In the cabaret circuit Willy was a big fish. The whole club would hush when he sang. He did a trick where he’d hold a note forever. The note would be pure and echo off the walls, adding to itself over and over again.
But he wasn’t happy to be in the small pond, and was always searching for a big break.
All my dad wanted was to stay in his small pond.
There were two businesses on Morton Street. Both were grocery stores. That’s how and why my dad decided to run a grocery.
The owners asked the same price to buy their businesses, even though one store was twice the size of the other. The larger one had newer fridges and more inventory. The smaller one was half a block closer to Willy’s stoop.
My dad chose the smaller one.
My parents wore aprons and wrapped cold cuts in wax paper. They sold Wonder Bread, and mayonnaise. They rotated the milk and butter, putting the newest stock in the back.

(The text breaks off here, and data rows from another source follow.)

(* Let $X$ be a complete separable metric space, identified with its image under a fixed isometric embedding $\iota:X\to\ell_\infty(\mathbb{N})$. Let $(K_n)_{n\in\mathbb{N}}$ be a sequence of non-empty compact subsets of $X$ with $K_n\subset K_m$ for $n\le m$, let $M,L,\Delta>0$, and let $h_n:\ell_\infty(\mathbb{N})\to[0,\infty)$, $h_n(x)=\sum_{k=1}^n\min\{n\,d(x,K_k),1\}$. If $(P^i=(p^i_0,\dots,p^i_{n(i)}))_{i\in\mathbb{N}}$ is a sequence of discrete paths in $X$ with $\lim_{i\to\infty}\mathrm{Mesh}(P^i)=0$, $\mathrm{Len}(P^i)\le L$, $\mathrm{diam}(P^i)\ge\Delta$ and $\sum_{k=0}^{n(i)-1}h_i(p^i_k)d(p^i_k,p^i_{k+1})\le M$ for every $i$, then a subsequence of $(P^i)$ converges to a curve $\gamma:[0,1]\to X$.
   Context: A discrete path is a sequence $P=(p_0,\dots,p_n)$ of points of $X$ with $n\ge1$; $\mathrm{Mesh}(P)=\max_{k\le n-1}d(p_k,p_{k+1})$, $\mathrm{diam}(P)=\max_{k,l}d(p_k,p_l)$, $\mathrm{Len}(P)=\sum_{k=0}^{n-1}d(p_k,p_{k+1})$. Distances $d(x,K)=\inf_{a\in K}d(x,a)$ are taken in $\ell_\infty(\mathbb{N})$. The linearly interpolating curve $\gamma_P:[0,1]\to\ell_\infty(\mathbb{N})$ is constant $p_0$ if $\mathrm{Len}(P)=0$; otherwise with $t_0=0$, $t_k=\sum_{i=0}^{k-1}d(p_i,p_{i+1})/\mathrm{Len}(P)$, $\gamma_P(t_k)=p_k$ and $\gamma_P$ is affine on each $[t_k,t_{k+1}]$ with $t_k<t_{k+1}$. A sequence of discrete paths $P^i$ converges to a curve $\gamma:[0,1]\to X$ if $\gamma_{P^i}\to\gamma$ uniformly and $\mathrm{Mesh}(P^i)\to0$. *)

(* l_oo(N) is modelled as the bounded real
   sequences (nat -> R, R : realType) with the sup distance. *)
From HB Require Import structures.
From mathcomp Require Import all_boot all_order all_algebra.
From mathcomp Require Import all_classical all_reals.
From mathcomp Require Import topology normedtype.
Import numFieldNormedType.Exports.
Set Implicit Arguments. Unset Strict Implicit. Unset Printing Implicit Defensive.
Import Order.TTheory GRing.Theory Num.Theory.
Local Open Scope classical_set_scope.
Local Open Scope ring_scope.

Section Linf.
Variable R : realType.

Definition linf := nat -> R.

Definition bounded_seq (x : linf) : Prop := exists C : R, forall j, `|x j| <= C.

Definition ldist (x y : linf) : R := sup (range (fun j => `|x j - y j|)).

Definition setdist (x : linf) (K : set linf) : R :=
  inf [set ldist x a | a in K].

Definition complete_sub (X : set linf) : Prop :=
  forall u : nat -> linf, (forall k, X (u k)) ->
    (forall e : R, 0 < e -> exists N, forall k l, (N <= k)%N -> (N <= l)%N ->
        ldist (u k) (u l) < e) ->
    exists2 x, X x & forall e : R, 0 < e -> exists N, forall k, (N <= k)%N ->
        ldist (u k) x < e.

Definition separable_sub (X : set linf) : Prop :=
  exists D : nat -> linf, (forall k, X (D k)) /\
    forall x, X x -> forall e : R, 0 < e -> exists k, ldist x (D k) < e.

Definition compact_sub (K : set linf) : Prop :=
  forall u : nat -> linf, (forall k, K (u k)) ->
    exists phi : nat -> nat, (forall k, (phi k < phi k.+1)%N) /\
      exists2 x, K x & forall e : R, 0 < e -> exists N, forall k, (N <= k)%N ->
        ldist (u (phi k)) x < e.

(* A discrete path P = (p 0, ..., p n), n >= 1, is given by (n, p). *)
Definition Mesh (n : nat) (p : nat -> linf) : R :=
  \big[Num.max/0]_(k < n) ldist (p k) (p k.+1).

Definition diam (n : nat) (p : nat -> linf) : R :=
  \big[Num.max/0]_(k < n.+1) \big[Num.max/0]_(l < n.+1) ldist (p k) (p l).

Definition Len (n : nat) (p : nat -> linf) : R :=
  \sum_(k < n) ldist (p k) (p k.+1).

Definition tk (n : nat) (p : nat -> linf) (k : nat) : R :=
  (\sum_(i < k) ldist (p i) (p i.+1)) / Len n p.

Definition seg_param (n : nat) (p : nat -> linf) (k : nat) (t : R) : R :=
  if tk n p k < tk n p k.+1 then
    Num.min 1 (Num.max 0 ((t - tk n p k) / (tk n p k.+1 - tk n p k)))
  else 0.

(* The linearly interpolating curve gamma_P : [0,1] -> l_oo (given on all of R;
   only its values on [0,1] matter).  On [t_k, t_{k+1}] (with t_k < t_{k+1}) it
   is the affine map from p_k to p_{k+1}. *)
Definition gammaP (n : nat) (p : nat -> linf) (t : R) : linf :=
  if Len n p == 0 then p 0%N
  else fun j => p 0%N j + \sum_(k < n) seg_param n p k t * (p k.+1 j - p k j).

Definition hfun (K : nat -> set linf) (n : nat) (x : linf) : R :=
  \sum_(1 <= k < n.+1) Num.min (n%:R * setdist x (K k)) 1.

Definition weighted_len (h : linf -> R) (n : nat) (p : nat -> linf) : R :=
  \sum_(k < n) h (p k) * ldist (p k) (p k.+1).

Definition paths_converge (n : nat -> nat) (p : nat -> nat -> linf)
    (gamma : R -> linf) : Prop :=
  (forall e : R, 0 < e -> exists N, forall i, (N <= i)%N ->
     forall t : R, 0 <= t <= 1 -> ldist (gammaP (n i) (p i) t) (gamma t) < e)
  /\ (fun i => Mesh (n i) (p i)) @ \oo --> (0 : R).

Definition curve_in (X : set linf) (gamma : R -> linf) : Prop :=
  (forall t : R, 0 <= t <= 1 -> X (gamma t)) /\
  (forall t : R, 0 <= t <= 1 -> forall e : R, 0 < e -> exists2 d : R, 0 < d &
     forall s : R, 0 <= s <= 1 -> `|s - t| < d -> ldist (gamma s) (gamma t) < e).

End Linf.

(* Since d(x, K_k) >= d(x, K_m) for k <= m, the weight h_i is at least m at every
   node farther than 1/i from K_m (m <= i).  So the segments of P^i starting at such far
   nodes have total length at most M/m, and as diam P^i >= Delta > M/m for m large, some
   node is near K_m.  Walking along P^i from any node to the closest near node then shows
   that every node, hence every point of gamma_{P^i}, lies within 1/i + 2 Mesh(P^i) + M/m
   of the compact set K_m.  Thus for each t the points gamma_{P^i}(t) have Cauchy
   subsequences; a diagonal argument over the grid points j/N of [0,1], together with the
   uniform Lipschitz bound Len(P^i) <= L, makes a subsequence of the curves uniformly
   Cauchy.  Since the nodes lie in the complete space X and are Mesh-close to the curves,
   the subsequence converges uniformly to an L-Lipschitz curve in X. *)

From HB Require Import structures.
From mathcomp Require Import all_boot all_order all_algebra.
From mathcomp Require Import all_classical all_reals.
From mathcomp Require Import topology normedtype.
From mathcomp Require Import ring lra.
Import numFieldNormedType.Exports.
Import Order.TTheory GRing.Theory Num.Theory.
Local Open Scope classical_set_scope.
Local Open Scope ring_scope.

Set Implicit Arguments. Unset Strict Implicit. Unset Printing Implicit Defensive.

Ltac case_minmax := repeat match goal with
  | |- context [Order.min ?a ?b] => case: (leP a b)
  | |- context [Order.max ?a ?b] => case: (leP a b)
  end; intros.

(** * The sup distance *)

Section Ldist.
Variable R : realType.
Implicit Types x y z : linf R.

Lemma ler_coord_ldist x y j : bounded_seq x -> bounded_seq y ->
  `|x j - y j| <= ldist x y.
Proof.
move=> [Cx Hx] [Cy Hy]; have hub : has_ubound (range (fun j => `|x j - y j|)).
  by exists (Cx + Cy) => _ [k _ <-]; apply: le_trans (ler_normB _ _) (lerD _ _).
exact: (ub_le_sup hub) (ex_intro2 _ _ j I erefl).
Qed.

Lemma ldist_le x y c : (forall j, `|x j - y j| <= c) -> ldist x y <= c.
Proof.
move=> H; apply: ge_sup; first by exists `|x 0%N - y 0%N|, 0%N.
by move=> _ [k _ <-].
Qed.

Lemma ldist_ge0 x y : bounded_seq x -> bounded_seq y -> 0 <= ldist x y.
Proof. by move=> bx bY; exact: le_trans (normr_ge0 _) (ler_coord_ldist 0 bx bY). Qed.

Lemma ldistC x y : ldist x y = ldist y x.
Proof.
rewrite /ldist (_ : (fun j => `|x j - y j|) = (fun j => `|y j - x j|)) //.
by rewrite funeqE => j; rewrite distrC.
Qed.

Lemma ldist_triangle x y z : bounded_seq x -> bounded_seq y -> bounded_seq z ->
  ldist x z <= ldist x y + ldist y z.
Proof.
move=> bx bY bz; apply: ldist_le => j.
by apply: le_trans (ler_distD (y j) _ _) (lerD _ _); apply: ler_coord_ldist.
Qed.

Lemma ldistxx x : bounded_seq x -> ldist x x = 0.
Proof.
move=> bx; apply/eqP; rewrite eq_le ldist_ge0 // andbT.
by apply: ldist_le => j; rewrite subrr normr0.
Qed.

End Ldist.

(** * Arclength and the interpolating curve *)

Section Arclength.
Variables (R : realType) (n : nat) (p : nat -> linf R).
Hypothesis p_bounded : forall k, (k <= n)%N -> bounded_seq (p k).

Definition seglen k := ldist (p k) (p k.+1).
Definition arclen k := \sum_(l < k) seglen l.

Lemma seglen_ge0 k : (k < n)%N -> 0 <= seglen k.
Proof. by move=> kn; apply: ldist_ge0; apply: p_bounded => //; apply: ltnW. Qed.

Lemma seglen_le_Mesh k : (k < n)%N -> seglen k <= Mesh n p.
Proof. by move=> kn; exact: (le_bigmax 0 (fun l : 'I_n => seglen l) (Ordinal kn)). Qed.

Lemma Mesh_ge0 : 0 <= Mesh n p.
Proof. exact: bigmax_ge_id. Qed.

Lemma arclen0 : arclen 0 = 0.
Proof. exact: big_ord0. Qed.

Lemma arclenS k : arclen k.+1 = arclen k + seglen k.
Proof. exact: big_ord_recr. Qed.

An old cash register would ring every time a sale was made. It seemed like a regular store.
But it really wasn’t.
My parents were freethinkers, keyed into gonzo journalism and drugs.
The grocery store they ran was a wonderful, fucked-up cartoon version of a general store. Even Mr. Magoo could see it; there were a hundred and two clues.
Prime retail space was taken up by a big rocking chair that was often filled with Willy.
Whatever my dad put near the door got shoplifted. So he created a community bookshelf. Take a book leave a book, or just take a book.
On Wednesdays my parents gave away plastic dinosaurs to kids. You didn’t need to buy anything, really, you just needed to walk by and be under 12.
Everybody seemed to know each other’s name, and if they didn’t, my mom or dad introduced them.
The biggest clue was the feeling of the place. It wafted at you that my mom and dad loved stocking cans on the shelves. And it was cool if you just wanted to buy some Brillo pads or Ivory Snow, but that wasn’t all you were supposed to get out of the exchange.
Also, there were the antique gumball machines that took up half the counter. They all worked and cost a penny each. If one jammed, the world stopped, and my dad wouldn’t slice baloney till it was fixed.
It started small. A red Pulver machine found at a flea market—the wall-mounted type that used to be found in every subway station. The machine had a smiling cop made of pressed tin holding a sign. When you put your penny in, the sign turned from “stop” to “go,” and a piece of wrapped gum dropped down.
It was just that one machine for a while, not such a big clue.
But then my dad found Billy the Baker Boy. He found him at a junk store in New Jersey.
The machine looked like a kid’s drawing of a house, with a roof made of gumballs, and a big window that revealed a chef whose hand was permanently attached to an oven door.
After you put your penny in and turned the lever, Billy would open the oven, scoop out a gumball, drop it into a trough that was connected to a pipe; then the gumball would drop out of the pipe into your hand.
The machine was special. It wasn’t an ironic interpretation of life. It was life. Billy was at work, he had a job. His job was, when you put the penny in, he had to get you a gumball. It wasn’t make-believe like the cop machine; Billy really did his job and you got a gumball as proof.
And with that my dad was hooked. Everywhere he went he looked for gumball machines.